O que estimula nosso manifesto é o fato de que não há no momento evidências científicas que suportem que esta alternância constante entre medicamentos biológicos similares não leva a perda de eficácia ou aumento de riscos ao paciente estável em sua terapia biológica.

Esta potencial ação de substituição automática sem um registro específico também poderá gerar importante impacto na rastreabilidade de possíveis efeitos adversos resultados do uso desses medicamentos, promovendo mais dificuldades em programas de farmacovigilância. 

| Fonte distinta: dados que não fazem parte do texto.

Lemma dot_comp_sq n x i : (i < n)%nat -> x i * x i <= dot n x x.
Proof. intros; apply (rsum_term n (fun i => x i * x i)); auto; intros; nra. Qed.

Lemma dot_eq0_vzero n x : dot n x x = 0 -> vzero n x.
Proof. intros H i Hi. pose proof (dot_comp_sq n x i Hi). nra. Qed.

Lemma dot_vzero_r n x y : vzero n y -> dot n x y = 0.
Proof.
  intros H. rewrite (dot_ext n x y x (fun _ => 0)); auto. clear H.
  unfold dot; induction n; simpl; [|rewrite IHn]; ring.
Qed.

Lemma dot_cauchy_schwarz n x y : dot n x y * dot n x y <= dot n x x * dot n y y.
Proof.
  destruct (dot_nonneg n x) as [Hx | Hx].
  - pose proof (dot_nonneg n (fun i => dot n x x * y i + (- dot n x y) * x i)) as H.
    rewrite dot_square2, (dot_sym n y x) in H. nra.
  - rewrite (dot_sym n x y), (dot_vzero_r n y x (dot_eq0_vzero n x (eq_sym Hx))). nra.
Qed.

Lemma vnorm_sq n x : vnorm n x * vnorm n x = dot n x x.
Proof. apply sqrt_sqrt, dot_nonneg. Qed.

Lemma vnorm_pos n x : ~ vzero n x -> 0 < vnorm n x.
Proof.
  intros H. destruct (sqrt_pos (dot n x x)) as [|H0]; auto.
  exfalso; apply H, dot_eq0_vzero. fold (vnorm n x) in H0. rewrite <- vnorm_sq, <- H0; ring.
Qed.

Definition l1norm n (x : vec) := rsum n (fun i => Rabs (x i)).

Lemma l1norm_nonneg n x : 0 <= l1norm n x.
Proof. apply rsum_nonneg; intros; apply Rabs_pos. Qed.

Lemma dot_le_l1norm n x y e : (forall i, (i < n)%nat -> Rabs (y i) <= e) ->
  Rabs (dot n x y) <= e * l1norm n x.
Proof.
  intros H. eapply Rle_trans; [apply rsum_abs|]. unfold l1norm.
  rewrite <- rsum_scal. apply rsum_le. intros i Hi. rewrite Rabs_mult.
  pose proof (H i Hi). pose proof (Rabs_pos (x i)). nra.
Qed.

Lemma dot_unit_le_l1norm n p x : dot n x x = 1 -> Rabs (dot n p x) <= l1norm n p.
Proof.
  intros Hx. rewrite <- (Rmult_1_l (l1norm n p)). apply dot_le_l1norm.
  intros i Hi. pose proof (dot_comp_sq n x i Hi). apply Rabs_le. nra.
Qed.

Lemma unit_gap n x y : dot n x x = 1 -> dot n y y = 1 ->
  dot n (fun i => 1 * x i + (- dot n y x) * y i) (fun i => 1 * x i + (- dot n y x) * y i)
  = 1 - dot n y x * dot n y x.
Proof. intros Hx Hy. rewrite dot_square2, Hx, Hy, (dot_sym n x y). ring. Qed.

Lemma unit_dot_sq_le1 n x y : dot n x x = 1 -> dot n y y = 1 -> dot n y x * dot n y x <= 1.
Proof.
  intros Hx Hy. pose proof (unit_gap n x y Hx Hy).
  pose proof (dot_nonneg n (fun i => 1 * x i + (- dot n y x) * y i)). lra.
Qed.

Lemma unit_dot_sq_eq1 n x y : dot n x x = 1 -> dot n y y = 1 -> dot n y x * dot n y x = 1 ->
  veq n x (fun i => dot n y x * y i).
Proof.
  intros Hx Hy Hg i Hi. pose proof (unit_gap n x y Hx Hy) as H. rewrite Hg, Rminus_diag in H.
  specialize (dot_eq0_vzero n _ H i Hi). simpl. lra.
Qed.

Lemma normalize n v lam : 0 < dot n v v -> dot n lam v = 0 ->
  exists mu, dot n mu mu = 1 /\ dot n lam mu = 0 /\ veq n v (fun i => sqrt (dot n v v) * mu i).
Proof.
  intros Hv Hl. assert (Hs : 0 < sqrt (dot n v v)) by (apply sqrt_lt_R0; auto).
  pose proof (vnorm_sq n v) as Hss; unfold vnorm in Hss.
  exists (fun i => / sqrt (dot n v v) * v i).
  rewrite dot_scal_l, !dot_scal_r, Hl. set (r := sqrt (dot n v v)) in *. repeat split.
  - rewrite <- Hss. field. lra.
  - ring.
  - intros i _. field. lra.
Qed.

Definition basis (j : nat) : vec := fun i => if Nat.eq_dec i j then 1 else 0.

Lemma dot_basis n j x : (j < n)%nat -> dot n (basis j) x = x j.
Proof.
  unfold dot, basis. induction n; intros Hj; [lia|]. simpl.
  destruct (Nat.eq_dec n j) as [->|].
  - rewrite (rsum_ext j _ (fun _ => 0)).
    + replace (rsum j (fun _ => 0)) with 0 by (clear; induction j; simpl; lra). ring.
    + intros i Hi. destruct (Nat.eq_dec i j); [lia|ring].
  - rewrite IHn by lia. ring.
Qed.

Lemma exists_unit_orthogonal n lam : (2 <= n)%nat -> dot n lam lam = 1 ->
  exists mu, dot n mu mu = 1 /\ dot n lam mu = 0.
Proof.
  intros Hn Hl.
  assert (Hj : exists j, (j < n)%nat /\ lam j * lam j < 1).
  { pose proof (rsum_two n (fun i => lam i * lam i) 0 1 ltac:(lia) ltac:(intros; nra)) as H01.
    fold (dot n lam lam) in H01.
    destruct (Rlt_or_le (lam 0%nat * lam 0%nat) 1); [exists 0%nat | exists 1%nat];
      split; try lia; nra. }
  destruct Hj as [j [Hjn Hj]].
  set (v := fun i => 1 * basis j i + (- lam j) * lam i).
  assert (Hvv : dot n v v = 1 - lam j * lam j).
  { unfold v. rewrite dot_square2, Hl, !dot_basis by auto. unfold basis.
    destruct (Nat.eq_dec j j); [ring|lia]. }
  assert (Hlv : dot n lam v = 0).
  { unfold v. rewrite dot_lin_r, Hl, dot_sym, dot_basis by auto. ring. }
  destruct (normalize n v lam ltac:(lra) Hlv) as [mu [? [? _]]]. eauto.
Qed.

Lemma veq_span2_of_orthogonal n lam mu x : dot n lam lam = 1 -> dot n mu mu = 1 ->
  dot n lam mu = 0 -> (forall z, dot n z lam = 0 -> dot n z mu = 0 -> dot n z x = 0) ->
  veq n x (fun i => dot n x lam * lam i + dot n x mu * mu i).
Proof.
  intros Hl Hm Hlm H.
  set (r := fun i => 1 * x i + (- dot n x lam) * lam i + (- dot n x mu) * mu i).
  assert (Hrl : dot n r lam = 0).
  { unfold r. rewrite dot_sym, dot_lin3_r, Hl, Hlm, dot_sym. ring. }
  assert (Hrm : dot n r mu = 0).
  { unfold r. rewrite dot_sym, dot_lin3_r, Hm, (dot_sym n mu lam), Hlm, (dot_sym n mu x). ring. }
  assert (Hrr : dot n r r = 0).
  { unfold r at 2. rewrite dot_lin3_r, Hrl, Hrm, (H r Hrl Hrm). ring. }
  intros i Hi. specialize (dot_eq0_vzero n r Hrr i Hi). unfold r. lra.
Qed.

Lemma parallel_dot n (u w : vec) k : veq n (fun i => vnorm n u * w i) (fun i => k * u i) ->
  dot n u w = k * vnorm n u.
Proof.
  intros H. destruct (classic (vzero n u)) as [Hu | Hu].
  - rewrite dot_sym, (dot_vzero_r n w u Hu).
    replace (vnorm n u) with 0; [ring|].
    unfold vnorm. rewrite (dot_vzero_r n u u Hu). now rewrite sqrt_0.
  - pose proof (vnorm_pos n u Hu).
    apply Rmult_eq_reg_l with (vnorm n u); [|lra].
    rewrite <- dot_scal_r, (dot_ext n u _ u (fun i => k * u i)), dot_scal_r, <- vnorm_sq by auto.
    ring.
Qed.

Lemma parallel_norm n (u w : vec) k : veq n (fun i => vnorm n u * w i) (fun i => k * u i) ->
  0 < vnorm n u -> dot n w w = k * k.
Proof.
  intros H Hu.
  assert (E : vnorm n u * vnorm n u * dot n w w = k * k * (vnorm n u * vnorm n u)).
  { replace (vnorm n u * vnorm n u * dot n w w)
      with (dot n (fun i => vnorm n u * w i) (fun i => vnorm n u * w i))
      by (rewrite dot_scal_l, dot_scal_r; ring).
    rewrite (dot_ext n _ _ (fun i => k * u i) (fun i => k * u i)), dot_scal_l, dot_scal_r, vnorm_sq
      by auto.
    ring. }
  apply Rmult_eq_reg_l with (vnorm n u * vnorm n u); nra.
Qed.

Nesse sentido, sugerimos a adoção de medidas preventivas para maior segurança dos pacientes.

São elas:

  • Criação de mecanismo de identificação único para cada medicamento a ser acrescido ao INN (DCB), que diferencie os medicamentos de referência e todos os seus biossimilares, ou a adoção de um mecanismo universal de identificação única como o “Qualificador Biológico” em discussão pela Organização Mundial de Saúde.
  • Criação de documento a ser entregue ao paciente no momento da entrega e/ou administração do medicamento, contendo informações como nome do paciente, nome do médico assistente, nome comercial, fabricante, lote, país de origem, prazo de validade, INN (DCB) com qualificador biológico.
  • Transparência na demonstração dos resultados das discussões do grupo de trabalho sobre medicamentos biológicos.
  • Criação de políticas públicas sobre intercambialidade, com a participação ativa das sociedades científicas e sociedade civil organizada (organização de pacientes).
  • Promoção de discussões com as entidades participantes do sistema único de saúde (Ministério da Saúde e Secretarias Estaduais de Saúde) com o objetivo de buscar soluções práticas que garantam a segurança dos pacientes no uso de medicamentos biológico.

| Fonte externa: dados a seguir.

Lemma alg_homX x e : phi (x ^+ e) = phi x ^+ e.
Proof.
case: phi_hom => _ phiM phi1 _.
by elim: e => [|e IHe]; rewrite ?expr0 // !exprS phiM IHe.
Qed.

End AlgHom.

Theorem lemma3p4 (k : closedFieldType) (n : nat) (chark : [pchar k] =i pred0)
    (S : algType k) (X Dd : 'I_n -> S) (j : vfield k n -> S)
    (HS : is_DUL X Dd j)
    (T : algType k) (iA : {mpoly k[n]} -> T) (iV : vfield k n -> T)
    (HT : is_smash iA iV) :
  exists phi : S -> T,
    [/\ is_alg_hom phi,
        (forall r s : 'X_{1..n},
           phi ((\prod_(i < n) X i ^+ r i) * (\prod_(i < n) Dd i ^+ s i))
           = iA 'X_[r] * (\prod_(i < n) iV (dvec k i) ^+ s i))
      & (forall (m : 'X_{1..n}) (p : 'I_n), m != 0%MM ->
           phi (j (xd k m p)) = psiL iA iV m p)].
Proof.
have [smashT _] := HT; have [_ univS] := HS.
have [phi [phi_hom phiX phiD phij _]] := univS T _ _ _ (smash_DUL_rel smashT).
exists phi; split => // [r s | m p m0].
  case: (phi_hom) => _ phiM _ _.
  have -> : iA 'X_[r] = \prod_(i < n) iA 'X_i ^+ r i := iA_mpolyX smashT r.
  rewrite phiM !(alg_hom_prod phi_hom).
  congr (_ * _); apply: eq_bigr => i _.
  - by rewrite (alg_homX phi_hom) phiX.
  - by rewrite (alg_homX phi_hom) phiD.
by rewrite phij; [exact: psi_xd | exact: Lplus_xd].
Qed.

O objetivo principal deste documento é buscar a participação ativa das associações de pacientes nas discussões sobre o tema, e fazer com que as suas experiências sejam levadas em consideração nos processos decisórios relacionados à avaliação, compra e distribuição dos medicamentos biológicos, garantindo a segurança dos pacientes. 

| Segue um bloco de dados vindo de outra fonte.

Theorem lemma22 (R : realType) (X A : finType)
  (gamma : R) (r : X * A -> R) (P : X * A -> X -> R)
  (pis : nat -> X -> A) (K : nat) (q0 : X * A -> R) :
  0 <= gamma -> gamma < 1 ->
  (forall xa, `|r xa| <= 1) ->
  (forall xa y, 0 <= P xa y) ->
  (forall xa, \sum_(y : X) P xa y = 1) ->
  (* q0 = q^{pi_0}, the (unique) fixed point of q |-> r + gamma P^{pi_0} q *)
  (forall xa, q0 xa = r xa + gamma * Ppi P (det_policy (pis 0%N)) q0 xa) ->
  forall k : nat, (1 <= k <= K)%N ->
  forall xa : X * A,
    \sum_(j < k) gamma ^+ j.+1 *
        Pji P pis (k - j)%N k.-1 (sigma P r gamma pis q0 (k - j)%N) xa
    <= Num.sqrt (2 * (1 / (1 - gamma)) ^+ 3).
Proof.
move=> gamma_ge0 gamma_lt1 r_le1 P_ge0 P_sum1 q0_fix k /andP[k_gt0 _] xa.
pose q := qprime P r gamma pis q0.
pose c j := chain P pis (k - j) j (sigma2 P r gamma pis q0 (k - j)) xa.
pose d j := chain P pis (k - j) j (fun u => q (k - j)%N u ^+ 2) xa.
pose t j := chain P pis (k - j) j (sigma P r gamma pis q0 (k - j)) xa.
have PjiE (j : 'I_k) : Pji P pis (k - j) k.-1 = chain P pis (k - j) j.
  by rewrite /Pji prednK // subKn // ltnW.
under eq_bigr => j _ do rewrite PjiE -/(t j).
rewrite div1r; apply: (discounted_sqrt_sum_le gamma_ge0 gamma_lt1 (c := c)).
- by move=> j; apply: chain_ge0 => // u; apply: sigma2_ge0.
- apply: (discounted_variance_sum_le gamma_ge0 gamma_lt1 (d := d)).
  + by move=> j; apply: chain_ge0 => // u; apply: sqr_ge0.
  + rewrite /d subnn; apply: le_trans (ler_norm _) _.
    apply: chain_norm_le => // u.
    by rewrite normrX lerXn2r ?nnegrE ?qprime_norm_le // ltW ?horizon_gt0.
  + move=> j j_lt_k; rewrite /c /d -(subnSK j_lt_k).
    exact: chain_variance_step.
- by move=> j _; apply: chain_sqrt_le => // u; apply: sigma2_ge0.
Qed.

Sugerimos ações efetivas do Ministério da Saúde no sentido de estar em concordância com a Agência de Vigilância Sanitária e sociedade civil técnica e de pacientes, além de promover capacitação de seus profissionais que trabalham na dispensação dos medicamentos a fim de melhor conhecer os medicamentos com os quais estão trabalhando, entender os riscos associados à substituição automática desses medicamentos, além de estarem aptos a orientar os pacientes quanto ao uso e armazenamento desses medicamentos.

Desde já solicitamos através deste documento a oportunidade de colaborar com a construção do modelo adequado de políticas públicas que venham resguardar a segurança e qualidade de vida dos pacientes brasileiros usuários e potenciais usuários de medicamentos biotecnológicos.

Manifesto atualizado em 29 de maio de 2019.